Now let's plot these new Bubble Longitude vs Latitude values.

In [None]:
#Plot Longitude_new versus Latitude
plt.plot(Longitude_new, Latitude,'ro',markersize=3)

#Switch the order of the X-axis range, so it goes from 80 to -80.
#Keep the y-axis range as -2 to 2.
plt.axis([--, --, --, --])

#Label plot
plt.title('Bubbles Latitude and Longitude')
plt.xlabel('Longitude')
plt.ylabel('Latitude')

### Part D. Now let's fit a line to these data using what you learned from 'play with plots'

In [None]:
# Define the function (i.e., the model) you'll fit to your data
# Here we use a linear fit again (but you have to make the function!)
#Fill in the dashes with the correct input, based on what you learned from 'play with plots'
def fitFunc -- :
    return --

-- = curve_fit(---, Longitude_new, Latitude)
print ' fit coefficients:\n', --

# Plot your data
#Fill in the dashes with the correct input
plt.errorbar(Longitude_new, ---, yerr = ---, fmt='ro', --- =3)
plt.axis([---,---,---,---])
plt.title('Bubbles in the Milky Way')
plt.xlabel('---')
plt.ylabel('Latitude')

# Define the x-values for the best-fit line
bestfit_x = np.linspace(-100,100,200) #an array from -100 to 100, with 200 linearly spaced points

# Define the y-values for the best-fit line, using the fitFunc function you defined above
#Fill in the dashes with the correct input, based on what you learned from 'play with plots'
bestfit_y = fitFunc(---, --, --)

# Overplot the best-fit line in blue (default color)
plt.plot(bestfit_x, bestfit_y)

 ### Question: Does your result make sense?
 * Why might the best-fit go through Latitude = 0?
 * What does Latitude = 0 coincide with in our galaxy?

## Step 3: Find the Biggest Bubbles in the MilkyWay Project

In [None]:
#Identify the array with the radius for all the bubbles
#Note: Reff = effective radius for the MW Project Bubbles
radius = Bubbles_data['Reff']
print radius

### To do: Find the maximum radius value

Use the max command to find the maximum value of the 'radius' array. 
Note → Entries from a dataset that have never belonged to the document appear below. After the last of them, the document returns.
(* For each positive integer $k$ there is $c_k>0$ such that the following holds. Suppose $P$ is a complete polynomial of degree $k$ with integer coefficients in its binomial representation. If $x$ is sufficiently large and $1<w<(\log x)/2$ is an integer, then the set $X$ of integers $y\in[x,(1+1/k)x)$ such that $P(y)$ has no prime divisor at most $w$ satisfies $|X|\ge c_k(\log w)^{-k}x$.
   Context: Every real polynomial of degree $k$ can be written as $P(x)=\sum_{i=0}^k\alpha_i\binom{x}{i}$; $P$ has integer coefficients in its binomial representation if all $\alpha_i$ are integers. $P$ is complete if every sufficiently large positive integer is a sum of distinct terms of $(P(m))_{m\ge1}$. $\log$ is the natural logarithm. *)

From Stdlib Require Import Reals ZArith List Znumtheory.
Open Scope R_scope.

(* Binomial coefficient C(n, i) on naturals (Pascal recursion);
   C(n,i) = 0 for i > n, as for the polynomial binom(x,i) at x = n. *)
Fixpoint binom (n i : nat) : nat :=
  match n, i with
  | _, O => 1%nat
  | O, S _ => 0%nat
  | S n', S i' => (binom n' i' + binom n' i)%nat
  end.

Fixpoint Pbin_aux (alpha : nat -> Z) (j : nat) (y : nat) : Z :=
  match j with
  | O => (alpha 0%nat * Z.of_nat (binom y 0))%Z
  | S j' => (Pbin_aux alpha j' y + alpha j * Z.of_nat (binom y j))%Z
  end.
Remember, first insert a new cell below, type in your code, and then 'run the cell' by typing 'shift-enter'.

In [None]:
print max(radius)

### Identify the longitude/latitude values for the largest bubbles in the catalog

In [None]:
#Use the 'where' function to identify which bubbles have radii greater than 10.
#The 'where' function gives the Latitude/Longitude values that satisfy this condiion
bigLon = Longitude[np.where(radius > 10)[0]]
bigLat = Latitude[np.where(radius > 10)[0]]

#The 'len' command is short for 'length', telling you how many sources are in the big_lon array
print '# of bubbles with radius > 10: ',len(bigLon)
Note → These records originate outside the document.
(* H and K agree on the finite set F (basic neighbourhoods of the topology
   of pointwise convergence of indicator functions) *)
Definition agree_on (F : list G) (H K : G -> Prop) : Prop :=
  forall x, In x F -> (H x <-> K x).

Definition URS (Z : (G -> Prop) -> Prop) : Prop :=
  (forall K, Z K -> is_subgroup K) /\
  (exists K, Z K) /\
  (* closed in Sub(Gamma) for the topology of pointwise convergence *)
  (forall K, is_subgroup K ->
     (forall F : list G, exists K', Z K' /\ agree_on F K' K) -> Z K) /\
  (forall g K, Z K -> Z (conjsub g K)) /\
  (* every orbit is dense in Z *)
  (forall H' K, Z H' -> Z K ->
     forall F : list G, exists g, agree_on F (conjsub g H') K).

(* Z is generic: the stabiliser of every H' in Z is H' itself *)
Definition generic_URS (Z : (G -> Prop) -> Prop) : Prop :=
  forall H', Z H' -> forall g : G, sub_eq (conjsub g H') H' <-> H' g.

(* vertices gH; aH = bH  <->  a^-1 b in H *)
Definition coset_eq (H : G -> Prop) (a b : G) : Prop := H (mul (inv a) b).

(* path metric: the vertex uH is at distance <= n from aH.  An (undirected)
   step along an edge labelled q goes from v to qv or from qv to v. *)
Definition step_elt (Q : list G) (s : G) : Prop := In s Q \/ In (inv s) Q.
Definition in_ball (Q : list G) (H : G -> Prop) (n : nat) (a u : G) : Prop :=
  exists w, Forall (step_elt Q) w /\ length w <= n /\ coset_eq H (mul (wprod w) a) u.

(* (B_n(S,aH), aH) and (B_n(S,bH), bH) are root-label isomorphic
   (balls are induced labelled subgraphs; an edge from uH to q uH labelled q) *)
Definition ball_iso (Q : list G) (H : G -> Prop) (n : nat) (a b : G) : Prop :=
  exists phi : G -> G,
    coset_eq H (phi a) b /\
    (forall u, in_ball Q H n a u -> in_ball Q H n b (phi u)) /\
    (forall u u', in_ball Q H n a u -> in_ball Q H n a u' ->
       (coset_eq H u u' <-> coset_eq H (phi u) (phi u'))) /\
    (forall v, in_ball Q H n b v -> exists u, in_ball Q H n a u /\ coset_eq H (phi u) v) /\
    (forall u v q, in_ball Q H n a u -> in_ball Q H n a v -> In q Q ->
       (coset_eq H (mul q u) v <-> coset_eq H (mul q (phi u)) (phi v))).

(* A point x = (x_n) of G_H^0 = lim E_n is given by a sequence of coset
   representatives p_n with x_n = [p_n H]_n; compatibility [p_{n+1}]_n = [p_n]_n. *)
Definition unit_point (Q : list G) (H : G -> Prop) (p : nat -> G) : Prop :=
  forall n, ball_iso Q H n (p (S n)) (p n).

Definition unit_eq (Q : list G) (H : G -> Prop) (p p' : nat -> G) : Prop :=
  forall n, ball_iso Q H n (p n) (p' n).

(* source of the arrow (x,gamma): (gamma.x)_n = [gamma p_{n + l(gamma)}]_n *)
Definition arrow_source (Q : list G) (gamma : G) (p : nat -> G) : nat -> G :=
  fun n => mul gamma (p (n + word_length Q gamma)).

Definition arrow_equiv (H : G -> Prop) (p : nat -> G) (gamma gamma' : G) : Prop :=
  exists N, forall n, N <= n -> coset_eq H (mul gamma (p n)) (mul gamma' (p n)).

(* G_H is principal: every arrow (x,gamma) whose range x equals its source
   gamma.x is a unit, i.e. equivalent to (x,e). *)
Definition GH_principal (Q : list G) (H : G -> Prop) : Prop :=
  forall p : nat -> G, unit_point Q H p ->
  forall gamma : G, unit_eq Q H p (arrow_source Q gamma p) ->
  arrow_equiv H p gamma one.

End Defs.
#Print the Latitude/Longitude values for the bubbles of interest
#Use a for loop to print the values as a pair for each bubble
for i,j in enumerate(bigLon):
    print 'Longitude, Latitude: ',bigLon[i],',',bigLat[i]

# Congratulations! You've completed Part 2!

## Extension Activities:
* Look for trends in the number of bubbles for a given latitude. Does your result make sense?<br>
* Look for trends in bubble radius, thickness, longitude, and/or latitude. Do your results make sense?